Where Span Still Belongs

Span remains the right representation for source positions. It is still used for:

  • diagnostics and warnings that point at user source;
  • comments, source-map ranges, directive/hashbang ranges, and TLA keyword locations;
  • generated replacement spans where codegen should preserve a useful source location;
  • import-record source locations, including the raw module-request span for resolver diagnostics and resolved importer_span for diagnostics that need to point at the full import site.

For import records, the module-request span belongs to ImportRecordStateInit: dependency resolution diagnostics still need to underline the original specifier, but the span is not carried into ImportRecordStateResolved. Resolved records keep importer_span because later passes, such as TLA import-chain diagnostics, need a location for the resolved import edge.

For member expressions, NodeId is the cross-pass lookup key, but spans remain necessary as source locations: MemberExprRef::span points diagnostics at the original expression, and the finalizer applies the current member expression span to generated replacements so source-map and diagnostic locations stay tied to the rewritten source range.
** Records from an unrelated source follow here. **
Lemma powR_cross_sub_sqr_le : 1 < r ->
  4 * (r - 1) * (s * t `^ (r - 1) - t * s `^ (r - 1)) ^+ 2
  <= (r - 2) ^+ 2 * ((s `^ r + t `^ r) ^+ 2 - (s * t `^ (r - 1) + t * s `^ (r - 1)) ^+ 2).
Proof.
move=> r_gt1; have [r0 r10] : r != 0 /\ r - 1 != 0 by split; apply/eqP; lra.
have [-> | s_neq0] := eqVneq s 0.
  rewrite !powR0 // !mul0r !mulr0 !add0r oppr0 expr0n /= mulr0 subr0.
  by rewrite mulr_ge0 ?sqr_ge0.
have [-> | t_neq0] := eqVneq t 0.
  rewrite !powR0 // !mul0r !mulr0 !addr0 subrr expr0n /= mulr0 subr0.
  by rewrite mulr_ge0 ?sqr_ge0.
have s_gt0 : 0 < s by rewrite lt_def s_neq0.
have t_gt0 : 0 < t by rewrite lt_def t_neq0.
have [m [d [-> ->]]] := expR_midpoint _ _ s_gt0 t_gt0.
by rewrite -!expRM; apply: expR_cross_sub_sqr_le (ltW r_gt1).
Qed.

Lemma powR_mixed_lb b : -1 <= b -> b <= 1 ->
  four_rr' r * (s `^ r + t `^ r + 2 * b * (s * t) `^ (r / 2))
  <= s `^ r + t `^ r + b * (s * t `^ (r - 1) + t * s `^ (r - 1)).
Proof.
move=> b1 b2; have := powR_sub_mul_lb; have := powR_cross_ge.
rewrite mul_powR_subE sqr_powR_subE.
set A := s `^ r + t `^ r; set B := s * t `^ (r - 1) + t * s `^ (r - 1).
set C := (s * t) `^ (r / 2) => CB lb.
have -> : four_rr' r * (A + 2 * b * C) = four_rr' r * A + b * (four_rr' r * (2 * C)).
  by ring.
apply: ler_affine_pm1 => //; last by rewrite -mulrBr.
have AC : 0 <= A + 2 * C by rewrite !addr_ge0 ?mulr_ge0 ?powR_ge0.
by rewrite -mulrDr; apply: le_trans (ler_piMl AC (four_rr'_le1 _ r1)) _; lra.
Qed.

Lemma powR_mixed_ub b : -1 <= b -> b <= 1 ->
  s `^ r + t `^ r + b * (s * t `^ (r - 1) + t * s `^ (r - 1))
  <= varkappa r * (s `^ r + t `^ r + 2 * b * (s * t) `^ (r / 2)).
Proof.
move=> b1 b2; have := powR_add_mul_ub _ _ _ s0 t0 r1; have := powR_cross_ge.
have := sqr_ge0 (s `^ (r / 2) - t `^ (r / 2)).
rewrite mul_powR_addE sqr_powR_addE sqr_powR_subE.
set A := s `^ r + t `^ r; set B := s * t `^ (r - 1) + t * s `^ (r - 1).
set C := (s * t) `^ (r / 2) => AC CB ub.
have -> : varkappa r * (A + 2 * b * C) = varkappa r * A + b * (varkappa r * (2 * C)).
  by ring.
apply: ler_affine_pm1 => //; first by rewrite -mulrDr.
by rewrite -mulrBr; apply: le_trans _ (ler_peMl AC (varkappa_ge1 _ r1)); lra.
Qed.

Lemma powR_cross_sub_le b : -1 <= b -> b <= 1 -> 1 < r ->
  `|b| * `|s * t `^ (r - 1) - t * s `^ (r - 1)|
  <= `|r - 2| / (2 * Num.sqrt (r - 1))
     * (s `^ r + t `^ r - Num.sqrt (1 - b ^+ 2) * (s * t `^ (r - 1) + t * s `^ (r - 1))).
Proof.
move=> b1 b2 r_gt1; apply: normr_mul_le_of_sqr_bound => //; last exact: powR_cross_sub_sqr_le.
  by rewrite addr_ge0 ?powR_ge0.
by rewrite addr_ge0 ?mulr_ge0 ?powR_ge0.
Qed.

End power_pair.

End real_powers.

Theorem lemma5 (R : realType) (s t r b : R)
  (hs : 0 <= s) (ht : 0 <= t) (hr : 1 <= r) (hb1 : -1 <= b) (hb2 : b <= 1) :
  [/\ (* (l1) *)
      four_rr' r * (s `^ (r / 2) - t `^ (r / 2)) ^+ 2
        <= (s - t) * (s `^ (r - 1) - t `^ (r - 1))
      /\ (s - t) * (s `^ (r - 1) - t `^ (r - 1))
        <= (s `^ (r / 2) - t `^ (r / 2)) ^+ 2,
      (* (l2) *)
      (s `^ (r / 2) + t `^ (r / 2)) ^+ 2
        <= (s + t) * (s `^ (r - 1) + t `^ (r - 1))
      /\ (s + t) * (s `^ (r - 1) + t `^ (r - 1))
        <= varkappa r * (s `^ (r / 2) + t `^ (r / 2)) ^+ 2,
      (* (l3) *)
      four_rr' r * (s `^ r + t `^ r + 2 * b * (s * t) `^ (r / 2))
        <= s `^ r + t `^ r + b * (s * t `^ (r - 1) + t * s `^ (r - 1)),
      (* (l4); for r = 1 the constant is +oo, so the claim is vacuous there *)
      1 < r -> `|b| * `|s * t `^ (r - 1) - t * s `^ (r - 1)|
        <= `|r - 2| / (2 * Num.sqrt (r - 1)) *
           (s `^ r + t `^ r - Num.sqrt (1 - b ^+ 2) * (s * t `^ (r - 1) + t * s `^ (r - 1)))
    & (* (l5) *)
      s `^ r + t `^ r + b * (s * t `^ (r - 1) + t * s `^ (r - 1))
        <= varkappa r * (s `^ r + t `^ r + 2 * b * (s * t) `^ (r / 2))].
Proof.
split.
- by split; [apply: powR_sub_mul_lb | apply: powR_sub_mul_ub].
- by split; [apply: powR_add_mul_lb | apply: powR_add_mul_ub].
- exact: powR_mixed_lb.
- exact: powR_cross_sub_le.
- exact: powR_mixed_ub.
Qed.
Do not add a cross-pass node side table keyed only by Span. If a later pass needs to identify the same AST node, prefer NodeId; if records from more than one module can share a table, include ModuleIdx.

Address Use

Oxc Address is still acceptable for scratch state inside one live AST traversal, where producer and consumer operate before the traversal returns and no data survives as cross-pass metadata. The current example is:

  • PreProcessor's statement_stack / statement_replace_map in crates/rolldown/src/utils/tweak_ast_for_scanning.rs.

PreProcessor specifically cannot use NodeId: it runs before the final semantic rebuild (recreate_scoping in crates/rolldown/src/utils/pre_process_ecma_ast.rs), so node ids are not yet assigned to the nodes it creates or moves. Address is the only stable per-node identity available at that point, and it is safe because the table never outlives the traversal.

Do not store Address in module metadata, entry metadata, or link-stage tables that outlive the traversal that produced it. In the post-semantic scanner, prefer NodeId even for same-traversal node identity checks when the compared nodes already have semantic IDs.

Pre-Scan Span Handling

PreProcessor does not rewrite spans for identity anymore. Pairwise span uniqueness does not back any identity table after the NodeId migration, so ordinary duplicate spans are left alone, and nodes created during pre-scan rewrites can keep the reserved synthetic span (SPAN, 0..0).

Later passes must not use span.is_unspanned() to decide whether a scanner-visible node has a cross-pass record. For example, finalizing a require() call now relies on EcmaView::imports.get(call_expr.node_id()): pre-scan-created calls have semantic NodeIds and can hit, while finalizer-created calls keep NodeId::DUMMY and miss.

The practical rule is simple: treat Span as location, NodeId as same-AST node identity, and (ModuleIdx, NodeId) as cross-module node identity.